7. Summary Table: Key Model Soup Variants and Properties
Variant | Selection/Weighting | Benefits | Limitations |
---|---|---|---|
Uniform Soup | Simple average over all models | Fast, no validation needed | Sensitive to poor models |
Greedy Soup | Add if validation score holds/improves | Stable, robust improvements | Linear in ingredient count |
Pruned Soup | Remove if validation improves | Fewer models, best accuracy | Multiple passes, more compute |
PAPA | Population averaging during training | Ensemble-like performance | Training complexity |
Sparse Soup | Average pruned models (shared mask) | Efficient OOD, preserves sparsity | Requires matched sparsity |
References
- Wortsman, F., et al. "Model soups: averaging weights of multiple fine-tuned models improves accuracy without increasing inference time" (Model soups: averaging weights of multiple fine-tuned models improves accuracy without increasing inference time, 2022).
- Sobral, M., et al. "Model soups to increase inference without increasing compute time" (Model soups to increase inference without increasing compute time, 2023).
- Jordan, J., et al. "PopulAtion Parameter Averaging (PAPA)" (PopulAtion Parameter Averaging (PAPA), 2023).

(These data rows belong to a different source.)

Lemma nested_balls (P : nat -> T -> R -> Prop) a0 r0 : 0 < r0 ->
  (forall n a r, 0 < r -> (forall w, D a w <= r -> D a0 w <= r0) ->
     exists a' r', [/\ 0 < r', (forall w, D a' w <= r' -> D a w <= r) & P n a' r']) ->
  exists z, forall n, exists a r, [/\ 0 < r, P n a r & D a z <= r].
Proof.
move=> r0_gt0 shrink.
pose inside a r := 0 < r /\ forall w, D a w <= r -> D a0 w <= r0.
have : forall nb : nat * (T * R), exists b : T * R, inside nb.2.1 nb.2.2 ->
    [/\ inside b.1 b.2, (forall w, D b.1 w <= b.2 -> D nb.2.1 w <= nb.2.2)
      & P nb.1 b.1 b.2].
  move=> [n [a r]] /=; have [[r_gt0 sub]|] := pselect (inside a r); last first.
    by exists (a0, r0).
  have [a' [r' [r'_gt0 sub' Pa']]] := shrink n a r r_gt0 sub.
  by exists (a', r') => _; split=> //; split=> // w /sub' /sub.
move=> /choice [next nextP].
pose ball := fix ball n := if n is n'.+1 then next (n', ball n') else (a0, r0).
have inside_ball n : inside (ball n).1 (ball n).2.
  by elim: n => [|n IH] //; have [] := nextP (n, ball n) IH.
have ball_sub n m : (n <= m)%nat ->
    forall w, D (ball m).1 w <= (ball m).2 -> D (ball n).1 w <= (ball n).2.
  elim: m => [|m IH]; first by rewrite leqn0 => /eqP ->.
  rewrite leq_eqVlt => /orP [/eqP -> //|/IH nm w Hw]; apply: nm.
  by have [_ sub _] := nextP (m, ball m) (inside_ball m); exact: sub.
have [z Hz] : exists z, forall n, D (ball n).1 z <= (ball n).2.
  apply: D_complete => n m nm; apply: ball_sub nm _ _.
  by rewrite D_refl; exact: ltW (inside_ball m).1.
exists z => n; exists (ball n.+1).1, (ball n.+1).2.
split; [exact: (inside_ball n.+1).1 | | exact: Hz].
by have [] := nextP (n, ball n) (inside_ball n).
Qed.

End NestedBalls.

Lemma open_setX (T1 T2 : topologicalType) (U : set T1) (V : set T2) :
  open U -> open V -> open (U `*` V).
Proof.
move=> oU oV; rewrite openE => -[u v] [/= Uu Vv].
by exists (U, V) => //; split; exact: open_nbhs_nbhs.
Qed.

Section MetricSpace.
Variables (X : topologicalType) (d : X -> X -> R).
Hypothesis d_ge0 : forall x y, 0 <= d x y.
Hypothesis d_eq0 : forall x y, d x y = 0 <-> x = y.
Hypothesis d_sym : forall x y, d x y = d y x.
Hypothesis d_tri : forall x y z, d x z <= d x y + d y z.
Hypothesis d_open : forall A : set X,
  open A <-> (forall x, A x -> exists2 e, 0 < e & [set y | d x y < e] `<=` A).

Lemma dist_refl x : d x x = 0.
Proof. exact/d_eq0. Qed.

Lemma dist_lt_eq x y : (forall e, 0 < e -> d x y < e) -> x = y.
Proof.
move=> small; apply/d_eq0/le_anti; rewrite d_ge0 andbT.
by apply/ler_addgt0Pr => e e_gt0; rewrite add0r ltW ?small.
Qed.

Lemma open_ball c e : open [set y | d c y < e].
Proof.
apply/d_open => x /= cx; exists (e - d c x); first lra.
by move=> y /= xy; have := d_tri c x y; lra.
Qed.

Lemma nbhs_ballP z A :
  nbhs z A <-> exists2 e, 0 < e & [set y | d z y < e] `<=` A.
Proof.
rewrite nbhsE /=; split.
  move=> [B [oB Bz] BA]; have [e e_gt0 Be] := (d_open B).1 oB z Bz.
  by exists e => // y /Be /BA.
move=> [e e_gt0 eA]; exists [set y | d z y < e] => //; split.
  exact: open_ball.
by rewrite /= dist_refl.
Qed.

Lemma continuous_dist (f : X -> X) z : {for z, continuous f} ->
  forall e, 0 < e -> exists2 r, 0 < r & forall w, d z w < r -> d (f z) (f w) < e.
Proof.
move=> fz e e_gt0.
have /fz /nbhs_ballP [r r_gt0 rB] : nbhs (f z) [set y | d (f z) y < e].
  by apply/nbhs_ballP; exists e.
by exists r.
Qed.

Definition ptws_limit (f : nat -> X -> X) (p : X -> X) :=
  forall t e, 0 < e -> exists N, forall n, (N <= n)%nat -> d (p t) (f n t) < e.

Lemma nbhs_ptws_ball (f : {ptws X -> X}) t e : 0 < e ->
  nbhs f [set g : {ptws X -> X} | d (f t) (g t) < e].
Proof.
move=> e_gt0; have : nbhs (f t) [set y | d (f t) y < e].
  by apply/nbhs_ballP; exists e.
by move=> /(@proj_continuous X (fun _ => X) t f).
Qed.

Lemma ptws_cvg_limit (u : nat -> {ptws X -> X}) (p : {ptws X -> X}) :
  u @ \oo --> p -> ptws_limit u p.
Proof.
by move=> u_p t e e_gt0; have [N _ NP] := u_p _ (nbhs_ptws_ball p t e_gt0); exists N.
Qed.

Lemma ptws_cluster_eq (u : nat -> {ptws X -> X}) (p : {ptws X -> X}) w x :
  cluster (u @ \oo) p -> (forall n, d x (u n w) < n.+1%:R^-1) -> p w = x.
Proof.
move=> p_cluster uw; apply: dist_lt_eq => e e_gt0.
have [N _ NP] := near_infty_natSinv_lt (PosNum (ltac:(lra) : 0 < e / 2)).
have tail_N : (u @ \oo) (u @` [set n | (N <= n)%nat]) by exists N => // n ?; exists n.
have [_ [[n /= Nn <-] /= pn]] :=
  p_cluster _ _ tail_N (nbhs_ptws_ball p w (ltac:(lra) : 0 < e / 2)).
have := uw n; rewrite d_sym => un.
rewrite [e]splitr; apply: le_lt_trans (d_tri _ (u n w) _) _.
by apply: ltrD => //; apply: lt_trans un (NP n Nn).
Qed.

Section Compact.
Hypothesis X_compact : compact [set: X].

Lemma compact_cluster (a : nat -> X) :
  exists z, forall N e, 0 < e -> exists2 m, (N <= m)%nat & d z (a m) < e.
Proof.
have [z [_ za]] :=
  X_compact (fmap_proper_filter a eventually_filter) filterT.
exists z => N e e_gt0.
have /za : (a @ \oo) (a @` [set m | (N <= m)%nat]) by exists N => // m /= ?; exists m.
have /[swap] /[apply] : nbhs z [set y | d z y < e] by apply/nbhs_ballP; exists e.
by move=> [_ [[m /= Nm <-] /= zm]]; exists m.
Qed.

Lemma compact_nested_cvg (a : nat -> X) (r : nat -> R) :
  (forall n m, (n <= m)%nat -> d (a n) (a m) <= r n) ->
  exists z, forall n, d (a n) z <= r n.
Proof.
move=> a_nested; have [z za] := compact_cluster a.
exists z => n; apply/ler_addgt0Pr => e e_gt0.
have [m nm zm] := za n e e_gt0.
by have := a_nested n m nm; have := d_tri (a n) (a m) z; rewrite (d_sym z) in zm; lra.
Qed.

Lemma compact_finite_net x0 e : 0 < e ->
  exists l : seq X, forall z, exists i, d (nth x0 l i) z < e.
Proof.
move=> e_gt0; apply: contrapT => no_net.
have /choice [far farP] : forall l : seq X, exists z, forall i, e <= d (nth x0 l i) z.
  move=> l; apply: contrapT => /forallNP l_net; apply: no_net; exists l => z.
  by have /existsNP [i /negP] := l_net z; rewrite -ltNge => lt; exists i.
pose L := fix L n := if n is n'.+1 then rcons (L n') (far (L n')) else [::].
have size_L n : size (L n) = n by elim: n => //= n IH; rewrite size_rcons IH.
have nth_L n i : (i < n)%nat -> nth x0 (L n) i = far (L i).
  elim: n => // n IH; rewrite ltnS leq_eqVlt /= nth_rcons size_L.
  by case/orP => [/eqP ->|lt]; rewrite ?ltnn ?eqxx // lt IH.
have [z zP] := compact_cluster (fun n => far (L n)).
have [m1 _ z1] := zP 0%nat _ (ltac:(lra) : 0 < e / 2).
have [m2 lt z2] := zP m1.+1 _ (ltac:(lra) : 0 < e / 2).
have := farP (L m2) m1; rewrite nth_L //.
by have := d_tri (far (L m1)) z (far (L m2)); rewrite d_sym in z1; lra.
Qed.

Lemma ptws_compact : compact [set: {ptws X -> X}].
Proof.
have := @tychonoff X (fun _ => X) (fun _ => [set: X]) (fun _ => X_compact).
by congr compact; apply/seteqP; split.
Qed.

Section BaireOne.
Variables (f : nat -> X -> X) (p : X -> X).
Hypothesis f_cont : forall n, continuous (f n).
Hypothesis f_p : ptws_limit f p.

Definition stable_from eta N w :=
  forall m, (N <= m)%nat -> d (f m w) (f N w) <= eta.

- Subramanian, S., et al. "Sparse Model Soups: A Recipe for Improved Pruning via Model Averaging" (Sparse Model Soups: A Recipe for Improved Pruning via Model Averaging, 2023).
- Schreiber, J., et al. "Soup to go: mitigating forgetting during continual learning with model averaging" (Soup to go: mitigating forgetting during continual learning with model averaging, 9 Jan 2025).
- And other cited works as listed in the provided research descriptions.
Model-soup parameter averaging constitutes a robust and computationally efficient strategy for enhancing both accuracy and out-of-distribution robustness in deep learning. Its applicability across domains (vision, language, tabular data), compatibility with large model setups, and flexible integration with ongoing research in ensembling, pruning, and training dynamics underpin its continued impact in machine learning practice.